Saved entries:

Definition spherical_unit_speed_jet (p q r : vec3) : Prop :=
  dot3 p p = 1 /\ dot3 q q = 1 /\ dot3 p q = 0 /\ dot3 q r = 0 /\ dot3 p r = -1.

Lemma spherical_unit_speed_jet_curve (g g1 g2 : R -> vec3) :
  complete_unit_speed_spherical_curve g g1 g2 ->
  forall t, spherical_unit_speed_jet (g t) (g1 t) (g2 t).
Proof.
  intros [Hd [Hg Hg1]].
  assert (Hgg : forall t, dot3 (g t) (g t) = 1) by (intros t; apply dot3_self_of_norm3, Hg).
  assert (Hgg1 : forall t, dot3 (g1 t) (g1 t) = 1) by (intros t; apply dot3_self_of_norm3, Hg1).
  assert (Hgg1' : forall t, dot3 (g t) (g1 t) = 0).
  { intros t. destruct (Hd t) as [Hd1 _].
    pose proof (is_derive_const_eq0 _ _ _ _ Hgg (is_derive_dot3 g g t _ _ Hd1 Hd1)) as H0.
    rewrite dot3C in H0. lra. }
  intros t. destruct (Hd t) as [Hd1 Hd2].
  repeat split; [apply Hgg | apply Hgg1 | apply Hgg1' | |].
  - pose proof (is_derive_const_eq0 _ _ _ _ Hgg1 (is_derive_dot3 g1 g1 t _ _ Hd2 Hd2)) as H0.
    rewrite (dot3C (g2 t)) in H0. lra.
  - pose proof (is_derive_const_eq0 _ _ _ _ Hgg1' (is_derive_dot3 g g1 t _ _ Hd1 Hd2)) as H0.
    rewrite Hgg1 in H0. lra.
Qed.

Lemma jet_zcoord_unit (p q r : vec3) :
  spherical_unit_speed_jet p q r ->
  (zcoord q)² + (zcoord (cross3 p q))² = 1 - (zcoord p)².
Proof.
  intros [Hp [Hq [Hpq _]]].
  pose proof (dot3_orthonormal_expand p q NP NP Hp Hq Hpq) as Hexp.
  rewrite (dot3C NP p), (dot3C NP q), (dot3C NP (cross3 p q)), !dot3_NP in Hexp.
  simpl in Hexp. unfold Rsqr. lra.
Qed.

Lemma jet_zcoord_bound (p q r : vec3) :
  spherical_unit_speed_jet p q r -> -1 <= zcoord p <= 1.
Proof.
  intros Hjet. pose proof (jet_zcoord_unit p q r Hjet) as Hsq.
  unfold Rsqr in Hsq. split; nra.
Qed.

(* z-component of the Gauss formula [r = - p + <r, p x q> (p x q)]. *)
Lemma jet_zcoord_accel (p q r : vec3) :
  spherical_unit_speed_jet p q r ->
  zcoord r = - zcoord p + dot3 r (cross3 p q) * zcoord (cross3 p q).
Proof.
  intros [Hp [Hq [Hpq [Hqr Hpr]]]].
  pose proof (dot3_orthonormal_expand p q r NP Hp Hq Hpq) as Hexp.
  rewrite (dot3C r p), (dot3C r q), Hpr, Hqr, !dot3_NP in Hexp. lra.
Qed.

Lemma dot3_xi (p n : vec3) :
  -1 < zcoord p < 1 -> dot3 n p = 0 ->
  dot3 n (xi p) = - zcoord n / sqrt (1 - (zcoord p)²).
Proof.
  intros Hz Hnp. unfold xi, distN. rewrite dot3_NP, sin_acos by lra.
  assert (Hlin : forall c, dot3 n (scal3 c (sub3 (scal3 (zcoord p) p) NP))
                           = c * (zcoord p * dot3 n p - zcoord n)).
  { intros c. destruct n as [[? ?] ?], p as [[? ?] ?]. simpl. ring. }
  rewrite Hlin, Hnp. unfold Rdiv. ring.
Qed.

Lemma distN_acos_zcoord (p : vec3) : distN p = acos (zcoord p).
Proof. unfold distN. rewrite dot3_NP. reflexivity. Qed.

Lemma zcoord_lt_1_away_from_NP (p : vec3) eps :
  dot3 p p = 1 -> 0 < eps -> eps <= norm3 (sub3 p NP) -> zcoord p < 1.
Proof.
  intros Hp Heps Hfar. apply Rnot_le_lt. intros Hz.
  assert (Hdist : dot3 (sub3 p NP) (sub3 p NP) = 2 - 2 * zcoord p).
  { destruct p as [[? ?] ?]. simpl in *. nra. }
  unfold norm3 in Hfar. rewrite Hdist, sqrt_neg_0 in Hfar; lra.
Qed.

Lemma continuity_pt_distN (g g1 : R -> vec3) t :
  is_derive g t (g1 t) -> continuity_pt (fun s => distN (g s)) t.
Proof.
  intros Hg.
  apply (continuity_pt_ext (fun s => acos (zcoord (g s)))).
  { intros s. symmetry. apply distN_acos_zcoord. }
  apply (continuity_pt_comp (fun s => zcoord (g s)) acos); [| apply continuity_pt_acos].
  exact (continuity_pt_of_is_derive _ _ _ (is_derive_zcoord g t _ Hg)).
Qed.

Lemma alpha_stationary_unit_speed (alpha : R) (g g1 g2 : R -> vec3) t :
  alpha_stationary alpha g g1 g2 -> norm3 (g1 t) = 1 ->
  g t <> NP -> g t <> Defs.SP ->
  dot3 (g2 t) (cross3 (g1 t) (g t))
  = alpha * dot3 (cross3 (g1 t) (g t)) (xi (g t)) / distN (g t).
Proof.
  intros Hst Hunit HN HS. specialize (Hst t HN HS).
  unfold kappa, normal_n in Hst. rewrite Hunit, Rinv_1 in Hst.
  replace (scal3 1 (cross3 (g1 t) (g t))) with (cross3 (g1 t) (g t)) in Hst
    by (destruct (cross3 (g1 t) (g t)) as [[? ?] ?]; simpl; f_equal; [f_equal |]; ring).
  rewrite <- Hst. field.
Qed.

* * *

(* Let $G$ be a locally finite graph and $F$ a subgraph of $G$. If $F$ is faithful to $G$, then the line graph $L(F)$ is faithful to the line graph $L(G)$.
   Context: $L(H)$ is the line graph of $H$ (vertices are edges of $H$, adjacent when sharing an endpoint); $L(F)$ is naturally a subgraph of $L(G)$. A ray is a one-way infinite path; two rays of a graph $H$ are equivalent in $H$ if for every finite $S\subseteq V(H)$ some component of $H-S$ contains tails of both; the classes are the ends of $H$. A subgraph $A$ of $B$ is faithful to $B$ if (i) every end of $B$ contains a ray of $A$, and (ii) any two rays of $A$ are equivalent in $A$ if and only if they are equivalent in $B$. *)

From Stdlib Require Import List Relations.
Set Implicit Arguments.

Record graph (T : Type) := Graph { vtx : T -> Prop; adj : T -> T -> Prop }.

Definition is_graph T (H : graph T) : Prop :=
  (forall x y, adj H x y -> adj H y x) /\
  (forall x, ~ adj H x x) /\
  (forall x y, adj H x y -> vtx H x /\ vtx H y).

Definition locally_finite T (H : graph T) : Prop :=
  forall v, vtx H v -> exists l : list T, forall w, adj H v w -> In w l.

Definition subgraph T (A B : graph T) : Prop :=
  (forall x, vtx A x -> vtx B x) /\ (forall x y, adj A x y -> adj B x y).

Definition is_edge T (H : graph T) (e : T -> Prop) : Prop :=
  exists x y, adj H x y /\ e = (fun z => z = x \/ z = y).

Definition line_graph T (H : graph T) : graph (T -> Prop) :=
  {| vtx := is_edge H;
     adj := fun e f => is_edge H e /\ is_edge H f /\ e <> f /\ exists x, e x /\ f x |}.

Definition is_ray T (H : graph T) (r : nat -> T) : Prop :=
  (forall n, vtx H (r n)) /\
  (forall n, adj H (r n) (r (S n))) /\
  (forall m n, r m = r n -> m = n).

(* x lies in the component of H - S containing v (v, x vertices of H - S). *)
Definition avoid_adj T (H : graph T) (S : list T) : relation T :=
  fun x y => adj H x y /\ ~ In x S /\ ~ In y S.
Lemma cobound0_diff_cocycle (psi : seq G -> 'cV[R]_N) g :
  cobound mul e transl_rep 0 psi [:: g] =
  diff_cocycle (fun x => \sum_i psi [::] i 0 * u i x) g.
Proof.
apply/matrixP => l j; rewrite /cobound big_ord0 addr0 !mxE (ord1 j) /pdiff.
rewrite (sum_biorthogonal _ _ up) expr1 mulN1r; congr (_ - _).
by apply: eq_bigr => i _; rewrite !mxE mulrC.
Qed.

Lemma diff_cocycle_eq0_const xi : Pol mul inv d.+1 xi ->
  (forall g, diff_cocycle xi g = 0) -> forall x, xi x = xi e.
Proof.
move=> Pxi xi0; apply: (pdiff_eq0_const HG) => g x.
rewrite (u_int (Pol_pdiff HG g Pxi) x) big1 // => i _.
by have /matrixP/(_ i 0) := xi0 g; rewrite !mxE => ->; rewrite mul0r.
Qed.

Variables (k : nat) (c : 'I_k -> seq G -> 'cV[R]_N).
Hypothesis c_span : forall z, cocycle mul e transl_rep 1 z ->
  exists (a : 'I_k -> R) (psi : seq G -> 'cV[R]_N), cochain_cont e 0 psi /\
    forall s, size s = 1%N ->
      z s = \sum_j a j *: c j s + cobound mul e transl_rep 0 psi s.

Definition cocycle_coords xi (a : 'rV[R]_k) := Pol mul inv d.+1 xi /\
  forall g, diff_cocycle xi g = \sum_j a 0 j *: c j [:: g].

_Task to carry out_.
Return, from the entries, each line that holds "split".

_Task solution_.
  repeat split; [apply Hgg | apply Hgg1 | apply Hgg1' | |].
  unfold Rsqr in Hsq. split; nra.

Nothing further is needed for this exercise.